THE TASK:
Locate the word "ltNge" in the entries below, then gather every line that holds it.

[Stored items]

● ● ●

Lemma uniq_walk_size u p : uniq (u :: map head p) -> (size p < #|V|)%N.
Proof. by move/card_uniqP; rewrite /= size_map => <-; apply: max_card. Qed.

Lemma is_dist_exists c u v q : (forall e, 0 <= c e) -> walk u v q ->
  exists r, dist c u v r.
Proof.
move=> c_ge0 /(is_walk_uniq_shorten c_ge0) [q0 [uq0 uniq_q0 _]].
pose q0b : {bseq #|V| of E} := Bseq (ltnW (uniq_walk_size uniq_q0)).
have [p up minp] := @arg_minP _ _ _ q0b (fun p : {bseq #|V| of E} => walk u v p)
  (fun p : {bseq #|V| of E} => plen c p) uq0.
exists (plen c p); split=> [|q' uq']; first by exists p.
have [q1 [uq1 uniq_q1 le_q1]] := is_walk_uniq_shorten c_ge0 uq'.
exact: le_trans (minp (Bseq (ltnW (uniq_walk_size uniq_q1))) uq1) le_q1.
Qed.

Lemma dist_tight_comb (t : R) c1 c2 s e : 0 <= t <= 1 ->
  (forall e, 0 <= c1 e) -> (forall e, 0 <= c2 e) ->
  (forall f, dist_tight c1 s f <-> dist_tight c2 s f) ->
  dist_tight (fun e => t * c1 e + (1 - t) * c2 e) s e <-> dist_tight c1 s e.
Proof.
move=> t01 c1_ge0 c2_ge0 tight12.
have dist_comb v r1 r2 := is_dist_comb (v := v) (r1 := r1) (r2 := r2) t01 c2_ge0
  (fun f => proj1 (tight12 f)).
split=> [[rv [rw [dist_v [dist_w ce]]]] | tight1].
  have [[pv [spv _]] _] := dist_v; have [[pw [spw _]] _] := dist_w.
  have [[r1v dist1_v] [r2v dist2_v]] :=
    (is_dist_exists c1_ge0 spv, is_dist_exists c2_ge0 spv).
  have [[r1w dist1_w] [r2w dist2_w]] :=
    (is_dist_exists c1_ge0 spw, is_dist_exists c2_ge0 spw).
  have slack1 := is_dist_triangle dist1_v dist1_w.
  have slack2 := is_dist_triangle dist2_v dist2_w.
  rewrite (is_dist_unique dist_v (dist_comb _ _ _ dist1_v dist2_v)) in ce.
  rewrite (is_dist_unique dist_w (dist_comb _ _ _ dist1_w dist2_w)) in ce.
  have slack_comb : t * (r1v + c1 e - r1w) + (1 - t) * (r2v + c2 e - r2w) = 0.
    apply: etrans (subrr (t * c1 e + (1 - t) * c2 e)); rewrite {2}ce; ring.
  have [||slack1_0|slack2_0] := conv_eq0 t01 _ _ slack_comb; rewrite ?subr_ge0 //.
    by exists r1v, r1w; split=> //; split=> //; lra.
  by apply/tight12; exists r2v, r2w; split=> //; split=> //; lra.
have [rv1 [rw1 [dist1_v [dist1_w ce1]]]] := tight1.
have [rv2 [rw2 [dist2_v [dist2_w ce2]]]] := proj1 (tight12 e) tight1.
exists (t * rv1 + (1 - t) * rv2), (t * rw1 + (1 - t) * rw2).
by split; [|split]; [exact: dist_comb | exact: dist_comb | rewrite /= ce1 ce2; ring].
Qed.

End ShortestWalks.

Section Network.
Variables (R : realType) (V E I : finType) (tail head : E -> V).
Variables (src snk : I -> V) (dem : I -> R) (K : nat).
Variables (sigma a b : E -> nat -> R) (g : E -> R).
Hypothesis hsig0 : forall e, sigma e 0%N = 0.
Hypothesis ha : forall e (k : nat), (k <= K)%N -> 0 < a e k.
Hypothesis hb : forall e (k : nat), (k <= K)%N -> 0 <= b e k.
Hypothesis hg : forall e, 0 <= g e.
Notation piece := (piece K sigma).
Notation edge_costs := (edge_costs K sigma a b g).
Notation feasible := (feasible tail head src snk dem).
Notation tight := (tight tail head src K sigma a b g).
Notation dist_tight := (dist_tight tail head).

Lemma pieceP e y (k : 'I_K.+1) : 0 <= y ->
  piece e y = k <-> sigma e k <= y /\ forall j : 'I_K.+1, sigma e j <= y -> (j <= k)%N.
Proof.
move=> y_ge0; rewrite /Defs.piece.
case: arg_maxnP => [|m sm_y max_m]; first by rewrite hsig0.
split=> [<- | [sk_y max_k]]; first by split=> // j /max_m.
by apply: val_inj; apply/eqP; rewrite eqn_leq max_k //; apply: max_m.
Qed.

Lemma piece_conv (t : R) e y1 y2 k : 0 <= t <= 1 -> 0 <= y1 -> 0 <= y2 ->
  piece e y1 = k -> piece e y2 = k -> piece e (t * y1 + (1 - t) * y2) = k.
Proof.
move=> t01 y1_ge0 y2_ge0.
move=> /pieceP-/(_ y1_ge0) [sk_y1 max1] /pieceP-/(_ y2_ge0) [sk_y2 max2].
have y_ge0 : 0 <= t * y1 + (1 - t) * y2 by apply: conv_ge.
apply/(pieceP e k y_ge0); split=> [|j sj_le]; first exact: conv_ge.
rewrite leqNgt; apply/negP => k_lt_j.
have [y1_lt y2_lt] : y1 < sigma e j /\ y2 < sigma e j.
  split; rewrite ltNge; apply: contraTN k_lt_j; rewrite -leqNgt.
    exact: max1.
  exact: max2.
by move: (conv_lt t01 y1_lt y2_lt); rewrite ltNge sj_le.
Qed.

Lemma load_comb (t : R) (x1 x2 : I -> E -> R) e :
  load (fun i e => t * x1 i e + (1 - t) * x2 i e) e = t * load x1 e + (1 - t) * load x2 e.
Proof. by rewrite /load big_split /= -!mulr_sumr. Qed.

Lemma load_ge0 x e : feasible x -> 0 <= load x e.
Proof. by case=> x_ge0 _; apply: sumr_ge0. Qed.

Lemma feasible_comb (t : R) x1 x2 : 0 <= t <= 1 -> feasible x1 -> feasible x2 ->
  feasible (fun i e => t * x1 i e + (1 - t) * x2 i e).
Proof.
move=> t01 [x1_ge0 cons1] [x2_ge0 cons2]; split=> [i e|i v].
  by apply: conv_ge.
rewrite !big_split /= -!mulr_sumr.
have := cons1 i v; have := cons2 i v; nra.
Qed.

Lemma edge_costs_ge0 lam x e : 0 <= lam -> feasible x -> 0 <= edge_costs lam x e.
Proof.
move=> lam_ge0 feas_x; have k_le := leq_ord (piece e (load x e)).
rewrite /Defs.edge_costs /cost !addr_ge0 ?mulr_ge0 ?hb ?hg ?load_ge0 //.
exact/ltW/ha.
Qed.

Section SameEdgeState.
Variables (S : {set I * E}) (ell : {ffun E -> 'I_K.+1}).
Variables (t lam1 lam2 : R) (x1 x2 : I -> E -> R).
Hypothesis t01 : 0 <= t <= 1.
Hypotheses (lam1_ge0 : 0 <= lam1) (lam2_ge0 : 0 <= lam2).
Hypothesis WE1 : is_WE tail head src snk dem K sigma a b g lam1 x1.
Hypothesis WE2 : is_WE tail head src snk dem K sigma a b g lam2 x2.
Hypothesis state1 : has_state tail head src sigma a b g lam1 x1 S ell.
Hypothesis state2 : has_state tail head src sigma a b g lam2 x2 S ell.
Let feas1 : feasible x1 := proj1 WE1.
Let feas2 : feasible x2 := proj1 WE2.
Let x := fun i e => t * x1 i e + (1 - t) * x2 i e.
Let lam := t * lam1 + (1 - t) * lam2.

Lemma piece_load_comb e : piece e (load x e) = ell e.
Proof.
rewrite load_comb; apply: piece_conv; rewrite ?load_ge0 //.
  by rewrite (proj2 state1).
by rewrite (proj2 state2).
Qed.

Lemma edge_costs_comb :
  edge_costs lam x = fun e => t * edge_costs lam1 x1 e + (1 - t) * edge_costs lam2 x2 e.
Proof.
apply: functional_extensionality => e.
rewrite /Defs.edge_costs /cost piece_load_comb load_comb.
rewrite -(proj2 state1) -(proj2 state2) /lam; ring.
Qed.

Lemma tight_comb i e : tight lam x i e <-> (i, e) \in S.
Proof.
change (dist_tight (edge_costs lam x) (src i) e <-> (i, e) \in S).
have tight12 f : dist_tight (edge_costs lam1 x1) (src i) f <->
                 dist_tight (edge_costs lam2 x2) (src i) f.
  exact: iff_trans (iff_sym (proj1 state1 i f)) (proj1 state2 i f).
rewrite edge_costs_comb; apply: iff_trans _ (iff_sym (proj1 state1 i e)).
apply: dist_tight_comb tight12 => // f; exact: edge_costs_ge0.
Qed.

Lemma is_WE_comb : is_WE tail head src snk dem K sigma a b g lam x.
Proof.
split=> [|i e x_pos]; first exact: feasible_comb.
apply/tight_comb.
have [x1_pos|x1_le0] := ltrP 0 (x1 i e); first exact/(proj1 state1)/(proj2 WE1).
have [x2_pos|x2_le0] := ltrP 0 (x2 i e); first exact/(proj1 state2)/(proj2 WE2).
by case/andP: t01 => t0 t1; exfalso; rewrite /x in x_pos; nra.
Qed.

Lemma has_state_comb : has_state tail head src sigma a b g lam x S ell.
Proof.
split=> [i e|e]; first exact: iff_sym (tight_comb i e).
by rewrite piece_load_comb.
Qed.

End SameEdgeState.
End Network.

Theorem lemma5p4 (R : realType) (V E I : finType) (tail head : E -> V)
  (src snk : I -> V) (dem : I -> R) (K : nat)
  (sigma a b : E -> nat -> R) (g : E -> R)
  (hdem : forall i, 0 < dem i)
  (hsig0 : forall e, sigma e 0%N = 0)
  (hsig : forall e (k : nat), (k < K)%N -> sigma e k < sigma e k.+1)
  (ha : forall e (k : nat), (k <= K)%N -> 0 < a e k)
  (hb : forall e (k : nat), (k <= K)%N -> 0 <= b e k)
  (hg : forall e, 0 <= g e)
  (hcont : forall e (k : nat), (0 < k <= K)%N ->
     a e k.-1 * sigma e k + b e k.-1 = a e k * sigma e k + b e k)
  (S : {set I * E}) (ell : {ffun E -> 'I_K.+1}) :
  forall (lam1 lam2 t : R),
    Lambda tail head src snk dem sigma a b g S ell lam1 ->
    Lambda tail head src snk dem sigma a b g S ell lam2 ->
    0 <= t <= 1 ->
    Lambda tail head src snk dem sigma a b g S ell (t * lam1 + (1 - t) * lam2).
Proof.
move=> lam1 lam2 t [lam1_ge0 [x1 [WE1 state1]]] [lam2_ge0 [x2 [WE2 state2]]] t01.
split; first exact: conv_ge.
exists (fun i e => t * x1 i e + (1 - t) * x2 i e); split.
  exact: (is_WE_comb hsig0 ha hb hg t01 lam1_ge0 lam2_ge0 WE1 WE2 state1 state2).
exact: (has_state_comb hsig0 ha hb hg t01 lam1_ge0 lam2_ge0 WE1 WE2 state1 state2).
Qed.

● ● ●

FINAL ANSWER:
  split; rewrite ltNge; apply: contraTN k_lt_j; rewrite -leqNgt.
by move: (conv_lt t01 y1_lt y2_lt); rewrite ltNge sj_le.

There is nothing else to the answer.